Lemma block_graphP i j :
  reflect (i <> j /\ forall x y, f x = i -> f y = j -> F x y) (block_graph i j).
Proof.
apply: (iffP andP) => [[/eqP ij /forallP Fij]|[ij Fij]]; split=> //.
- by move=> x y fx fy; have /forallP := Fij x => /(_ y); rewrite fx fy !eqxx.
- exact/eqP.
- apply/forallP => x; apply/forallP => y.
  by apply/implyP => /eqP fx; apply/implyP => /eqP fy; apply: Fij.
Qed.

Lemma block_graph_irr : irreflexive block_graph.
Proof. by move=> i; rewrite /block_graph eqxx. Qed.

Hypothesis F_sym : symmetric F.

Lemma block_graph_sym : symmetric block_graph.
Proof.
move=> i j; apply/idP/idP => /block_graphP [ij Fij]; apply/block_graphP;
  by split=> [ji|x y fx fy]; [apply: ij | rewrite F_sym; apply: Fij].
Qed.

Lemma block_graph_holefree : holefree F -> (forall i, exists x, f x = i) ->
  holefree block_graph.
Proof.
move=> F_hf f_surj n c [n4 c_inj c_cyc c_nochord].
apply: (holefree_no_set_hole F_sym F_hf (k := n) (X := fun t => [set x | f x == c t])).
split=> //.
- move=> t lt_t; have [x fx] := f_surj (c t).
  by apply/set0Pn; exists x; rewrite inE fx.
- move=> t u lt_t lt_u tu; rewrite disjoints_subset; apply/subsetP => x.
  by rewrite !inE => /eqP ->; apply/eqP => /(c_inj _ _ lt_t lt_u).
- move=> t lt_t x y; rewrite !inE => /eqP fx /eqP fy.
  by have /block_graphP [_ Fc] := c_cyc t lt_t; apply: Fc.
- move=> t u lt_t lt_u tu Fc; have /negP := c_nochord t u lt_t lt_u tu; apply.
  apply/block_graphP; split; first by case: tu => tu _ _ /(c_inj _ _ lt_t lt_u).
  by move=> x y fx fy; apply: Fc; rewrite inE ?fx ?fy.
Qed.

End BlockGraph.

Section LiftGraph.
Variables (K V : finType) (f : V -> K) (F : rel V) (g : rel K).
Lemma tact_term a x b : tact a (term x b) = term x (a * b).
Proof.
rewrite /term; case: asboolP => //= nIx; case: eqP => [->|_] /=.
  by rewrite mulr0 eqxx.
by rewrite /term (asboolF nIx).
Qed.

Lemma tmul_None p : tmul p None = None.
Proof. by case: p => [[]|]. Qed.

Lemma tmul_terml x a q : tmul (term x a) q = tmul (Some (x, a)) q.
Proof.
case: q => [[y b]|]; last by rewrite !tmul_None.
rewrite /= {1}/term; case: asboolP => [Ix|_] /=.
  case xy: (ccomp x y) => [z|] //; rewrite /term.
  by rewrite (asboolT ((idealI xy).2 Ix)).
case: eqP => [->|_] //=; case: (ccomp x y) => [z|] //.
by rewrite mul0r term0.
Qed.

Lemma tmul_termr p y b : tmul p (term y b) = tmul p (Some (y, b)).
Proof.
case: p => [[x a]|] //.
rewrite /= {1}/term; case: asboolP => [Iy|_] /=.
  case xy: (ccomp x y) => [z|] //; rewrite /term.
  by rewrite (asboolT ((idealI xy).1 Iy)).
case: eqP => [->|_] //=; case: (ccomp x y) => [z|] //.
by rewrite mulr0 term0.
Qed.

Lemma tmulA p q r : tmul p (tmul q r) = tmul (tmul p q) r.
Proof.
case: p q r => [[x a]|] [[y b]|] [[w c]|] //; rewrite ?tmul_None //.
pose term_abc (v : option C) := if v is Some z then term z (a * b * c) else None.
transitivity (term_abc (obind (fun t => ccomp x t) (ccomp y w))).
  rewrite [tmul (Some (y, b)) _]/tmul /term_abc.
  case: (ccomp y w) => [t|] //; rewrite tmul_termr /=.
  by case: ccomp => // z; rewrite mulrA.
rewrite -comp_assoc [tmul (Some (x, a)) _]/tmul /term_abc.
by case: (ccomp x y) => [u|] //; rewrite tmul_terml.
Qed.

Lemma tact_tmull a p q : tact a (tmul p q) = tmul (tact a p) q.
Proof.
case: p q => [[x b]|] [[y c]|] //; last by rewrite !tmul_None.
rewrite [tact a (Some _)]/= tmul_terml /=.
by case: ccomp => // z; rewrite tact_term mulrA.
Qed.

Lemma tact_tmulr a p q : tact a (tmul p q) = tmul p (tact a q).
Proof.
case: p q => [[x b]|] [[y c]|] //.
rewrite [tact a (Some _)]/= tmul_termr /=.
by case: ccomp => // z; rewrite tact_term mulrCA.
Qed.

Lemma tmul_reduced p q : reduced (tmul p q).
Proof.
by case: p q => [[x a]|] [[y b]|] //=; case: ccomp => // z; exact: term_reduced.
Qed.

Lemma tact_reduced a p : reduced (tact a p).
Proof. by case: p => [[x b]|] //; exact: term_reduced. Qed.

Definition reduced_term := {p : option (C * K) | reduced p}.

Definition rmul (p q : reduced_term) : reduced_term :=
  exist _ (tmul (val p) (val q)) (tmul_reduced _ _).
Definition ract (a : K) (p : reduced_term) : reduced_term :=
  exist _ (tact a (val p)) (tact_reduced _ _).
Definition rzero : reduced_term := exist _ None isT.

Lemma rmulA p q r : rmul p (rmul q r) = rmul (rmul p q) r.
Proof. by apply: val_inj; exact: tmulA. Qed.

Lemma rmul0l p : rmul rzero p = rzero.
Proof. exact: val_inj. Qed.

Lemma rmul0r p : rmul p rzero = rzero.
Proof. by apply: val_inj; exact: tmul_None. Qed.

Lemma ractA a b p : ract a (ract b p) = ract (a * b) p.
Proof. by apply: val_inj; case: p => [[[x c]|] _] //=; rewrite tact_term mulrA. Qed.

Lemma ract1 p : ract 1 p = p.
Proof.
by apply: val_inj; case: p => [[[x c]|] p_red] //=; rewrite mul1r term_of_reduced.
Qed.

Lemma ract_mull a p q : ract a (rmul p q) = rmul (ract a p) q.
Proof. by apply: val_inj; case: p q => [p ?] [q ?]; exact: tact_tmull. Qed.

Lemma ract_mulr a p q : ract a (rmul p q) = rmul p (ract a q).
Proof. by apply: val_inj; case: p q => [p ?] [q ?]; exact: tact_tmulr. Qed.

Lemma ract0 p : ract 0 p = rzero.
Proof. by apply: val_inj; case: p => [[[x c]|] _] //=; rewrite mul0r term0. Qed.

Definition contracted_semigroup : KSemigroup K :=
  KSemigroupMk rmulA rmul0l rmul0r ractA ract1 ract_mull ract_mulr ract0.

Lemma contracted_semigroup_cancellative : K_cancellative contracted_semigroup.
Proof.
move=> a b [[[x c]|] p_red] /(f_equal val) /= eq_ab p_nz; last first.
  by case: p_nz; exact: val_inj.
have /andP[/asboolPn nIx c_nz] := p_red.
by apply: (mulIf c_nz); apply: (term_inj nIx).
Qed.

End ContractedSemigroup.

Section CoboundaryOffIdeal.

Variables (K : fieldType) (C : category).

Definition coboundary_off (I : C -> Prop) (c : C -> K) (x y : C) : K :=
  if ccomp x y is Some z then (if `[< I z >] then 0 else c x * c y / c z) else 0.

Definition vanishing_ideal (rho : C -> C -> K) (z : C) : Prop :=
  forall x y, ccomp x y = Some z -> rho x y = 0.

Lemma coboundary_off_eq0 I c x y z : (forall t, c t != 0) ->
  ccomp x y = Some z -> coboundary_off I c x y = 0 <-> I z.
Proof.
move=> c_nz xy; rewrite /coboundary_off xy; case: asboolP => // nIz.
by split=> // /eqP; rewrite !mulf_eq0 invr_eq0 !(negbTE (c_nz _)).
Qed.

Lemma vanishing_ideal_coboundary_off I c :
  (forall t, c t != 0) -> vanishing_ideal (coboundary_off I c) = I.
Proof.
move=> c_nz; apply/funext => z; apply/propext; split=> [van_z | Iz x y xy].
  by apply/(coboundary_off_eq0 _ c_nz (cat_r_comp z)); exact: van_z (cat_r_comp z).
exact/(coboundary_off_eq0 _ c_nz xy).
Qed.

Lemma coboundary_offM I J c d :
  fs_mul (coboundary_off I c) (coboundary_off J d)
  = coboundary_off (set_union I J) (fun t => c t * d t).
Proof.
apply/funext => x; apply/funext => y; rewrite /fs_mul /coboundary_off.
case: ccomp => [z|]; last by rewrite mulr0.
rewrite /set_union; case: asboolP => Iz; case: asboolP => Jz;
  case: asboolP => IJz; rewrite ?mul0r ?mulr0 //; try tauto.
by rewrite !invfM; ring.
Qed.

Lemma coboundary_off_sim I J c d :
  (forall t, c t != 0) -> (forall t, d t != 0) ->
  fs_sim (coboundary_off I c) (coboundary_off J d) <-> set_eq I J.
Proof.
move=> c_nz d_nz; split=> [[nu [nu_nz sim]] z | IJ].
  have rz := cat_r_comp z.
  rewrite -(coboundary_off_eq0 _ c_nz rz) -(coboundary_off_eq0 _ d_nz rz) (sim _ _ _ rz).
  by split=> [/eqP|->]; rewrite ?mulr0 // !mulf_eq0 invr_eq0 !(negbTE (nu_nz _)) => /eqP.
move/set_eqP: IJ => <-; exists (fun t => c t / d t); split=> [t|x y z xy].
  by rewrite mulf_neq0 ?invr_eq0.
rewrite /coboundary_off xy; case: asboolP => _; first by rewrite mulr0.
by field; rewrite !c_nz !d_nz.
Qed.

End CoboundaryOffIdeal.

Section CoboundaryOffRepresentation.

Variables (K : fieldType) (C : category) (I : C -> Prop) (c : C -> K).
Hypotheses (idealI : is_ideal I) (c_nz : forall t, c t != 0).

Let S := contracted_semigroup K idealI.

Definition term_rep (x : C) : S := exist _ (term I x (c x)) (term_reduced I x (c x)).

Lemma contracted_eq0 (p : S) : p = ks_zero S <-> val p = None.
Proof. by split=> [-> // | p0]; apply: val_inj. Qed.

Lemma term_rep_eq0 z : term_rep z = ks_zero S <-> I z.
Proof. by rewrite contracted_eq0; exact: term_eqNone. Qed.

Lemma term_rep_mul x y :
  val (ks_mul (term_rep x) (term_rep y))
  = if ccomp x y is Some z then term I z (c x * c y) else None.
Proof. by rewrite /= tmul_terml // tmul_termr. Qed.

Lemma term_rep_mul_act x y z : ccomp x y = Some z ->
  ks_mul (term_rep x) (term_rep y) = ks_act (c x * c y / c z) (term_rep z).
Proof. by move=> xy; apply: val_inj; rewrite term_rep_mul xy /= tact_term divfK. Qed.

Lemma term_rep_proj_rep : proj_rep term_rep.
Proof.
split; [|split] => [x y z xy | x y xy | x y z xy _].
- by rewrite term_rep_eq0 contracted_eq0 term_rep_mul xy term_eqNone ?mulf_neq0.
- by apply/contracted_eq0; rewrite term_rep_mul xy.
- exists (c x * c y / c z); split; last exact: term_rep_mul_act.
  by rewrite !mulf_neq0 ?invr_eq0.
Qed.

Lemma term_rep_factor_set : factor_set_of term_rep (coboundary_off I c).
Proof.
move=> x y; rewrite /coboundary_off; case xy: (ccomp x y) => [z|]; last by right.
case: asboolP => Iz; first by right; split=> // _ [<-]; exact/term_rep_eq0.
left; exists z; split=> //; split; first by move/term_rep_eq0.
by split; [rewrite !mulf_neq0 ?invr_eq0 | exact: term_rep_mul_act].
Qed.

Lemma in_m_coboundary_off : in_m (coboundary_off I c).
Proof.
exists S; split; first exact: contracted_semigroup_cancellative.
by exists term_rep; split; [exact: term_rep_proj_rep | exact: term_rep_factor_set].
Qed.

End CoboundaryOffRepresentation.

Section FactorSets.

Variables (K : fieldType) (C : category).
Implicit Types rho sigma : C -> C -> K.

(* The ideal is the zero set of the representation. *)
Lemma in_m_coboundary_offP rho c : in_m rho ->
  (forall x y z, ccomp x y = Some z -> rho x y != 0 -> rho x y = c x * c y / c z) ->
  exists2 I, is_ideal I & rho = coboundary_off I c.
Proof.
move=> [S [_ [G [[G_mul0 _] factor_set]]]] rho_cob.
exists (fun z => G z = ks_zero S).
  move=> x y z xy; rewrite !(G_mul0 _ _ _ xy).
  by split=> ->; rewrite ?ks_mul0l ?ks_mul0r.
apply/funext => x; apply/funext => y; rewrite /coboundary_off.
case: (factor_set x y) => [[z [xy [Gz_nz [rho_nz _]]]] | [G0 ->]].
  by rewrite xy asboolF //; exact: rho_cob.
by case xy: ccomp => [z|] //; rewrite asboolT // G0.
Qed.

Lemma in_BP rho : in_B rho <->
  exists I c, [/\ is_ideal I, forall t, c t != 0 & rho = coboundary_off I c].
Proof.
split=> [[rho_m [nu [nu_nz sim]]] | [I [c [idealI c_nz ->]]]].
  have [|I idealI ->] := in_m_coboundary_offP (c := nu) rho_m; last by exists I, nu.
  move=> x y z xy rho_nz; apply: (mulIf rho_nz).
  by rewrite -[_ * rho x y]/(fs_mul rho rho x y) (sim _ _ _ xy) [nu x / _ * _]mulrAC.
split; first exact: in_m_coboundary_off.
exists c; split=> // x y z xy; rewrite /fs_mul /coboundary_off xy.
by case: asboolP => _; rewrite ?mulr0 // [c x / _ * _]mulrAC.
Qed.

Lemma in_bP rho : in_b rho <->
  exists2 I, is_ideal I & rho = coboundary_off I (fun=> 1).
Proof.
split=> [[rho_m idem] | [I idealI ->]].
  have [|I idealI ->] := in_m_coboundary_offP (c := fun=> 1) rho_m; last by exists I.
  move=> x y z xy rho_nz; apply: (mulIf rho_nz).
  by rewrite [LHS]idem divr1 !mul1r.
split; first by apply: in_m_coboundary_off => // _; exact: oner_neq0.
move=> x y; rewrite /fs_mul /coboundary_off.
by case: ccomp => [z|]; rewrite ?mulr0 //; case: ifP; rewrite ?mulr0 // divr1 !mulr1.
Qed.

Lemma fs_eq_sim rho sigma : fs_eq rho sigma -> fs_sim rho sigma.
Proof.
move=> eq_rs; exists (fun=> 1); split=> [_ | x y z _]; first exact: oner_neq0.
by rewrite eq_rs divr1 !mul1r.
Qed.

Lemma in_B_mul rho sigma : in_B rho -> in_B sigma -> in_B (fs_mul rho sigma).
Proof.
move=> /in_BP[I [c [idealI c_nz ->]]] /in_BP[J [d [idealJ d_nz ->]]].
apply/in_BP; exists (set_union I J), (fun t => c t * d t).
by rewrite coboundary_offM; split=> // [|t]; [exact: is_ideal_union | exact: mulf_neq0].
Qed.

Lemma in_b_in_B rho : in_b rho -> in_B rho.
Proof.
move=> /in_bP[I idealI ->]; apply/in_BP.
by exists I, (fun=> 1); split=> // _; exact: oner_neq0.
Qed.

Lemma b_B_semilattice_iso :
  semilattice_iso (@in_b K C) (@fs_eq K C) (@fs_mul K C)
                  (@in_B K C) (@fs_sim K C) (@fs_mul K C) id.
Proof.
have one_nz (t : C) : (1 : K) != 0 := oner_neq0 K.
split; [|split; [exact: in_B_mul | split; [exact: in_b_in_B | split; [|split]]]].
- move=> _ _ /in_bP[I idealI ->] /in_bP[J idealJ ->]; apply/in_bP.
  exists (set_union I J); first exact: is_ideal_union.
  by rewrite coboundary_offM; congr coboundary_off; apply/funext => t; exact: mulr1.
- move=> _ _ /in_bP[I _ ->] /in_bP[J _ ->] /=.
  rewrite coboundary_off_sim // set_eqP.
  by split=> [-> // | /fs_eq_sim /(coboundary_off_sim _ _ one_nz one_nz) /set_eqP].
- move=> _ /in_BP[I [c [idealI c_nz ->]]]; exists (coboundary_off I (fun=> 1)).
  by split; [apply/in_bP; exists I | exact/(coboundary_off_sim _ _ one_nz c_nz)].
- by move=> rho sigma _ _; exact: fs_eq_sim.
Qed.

------

• **Problem requirements**:
What you should output is every line of the records above, from the first through the line containing "move=> F_hf f_surj", unchanged.

• **Response to this task**:
Lemma block_graphP i j :
  reflect (i <> j /\ forall x y, f x = i -> f y = j -> F x y) (block_graph i j).
Proof.
apply: (iffP andP) => [[/eqP ij /forallP Fij]|[ij Fij]]; split=> //.
- by move=> x y fx fy; have /forallP := Fij x => /(_ y); rewrite fx fy !eqxx.
- exact/eqP.
- apply/forallP => x; apply/forallP => y.
  by apply/implyP => /eqP fx; apply/implyP => /eqP fy; apply: Fij.
Qed.

Lemma block_graph_irr : irreflexive block_graph.
Proof. by move=> i; rewrite /block_graph eqxx. Qed.

Hypothesis F_sym : symmetric F.

Lemma block_graph_sym : symmetric block_graph.
Proof.
move=> i j; apply/idP/idP => /block_graphP [ij Fij]; apply/block_graphP;
  by split=> [ji|x y fx fy]; [apply: ij | rewrite F_sym; apply: Fij].
Qed.

Lemma block_graph_holefree : holefree F -> (forall i, exists x, f x = i) ->
  holefree block_graph.
Proof.
move=> F_hf f_surj n c [n4 c_inj c_cyc c_nochord].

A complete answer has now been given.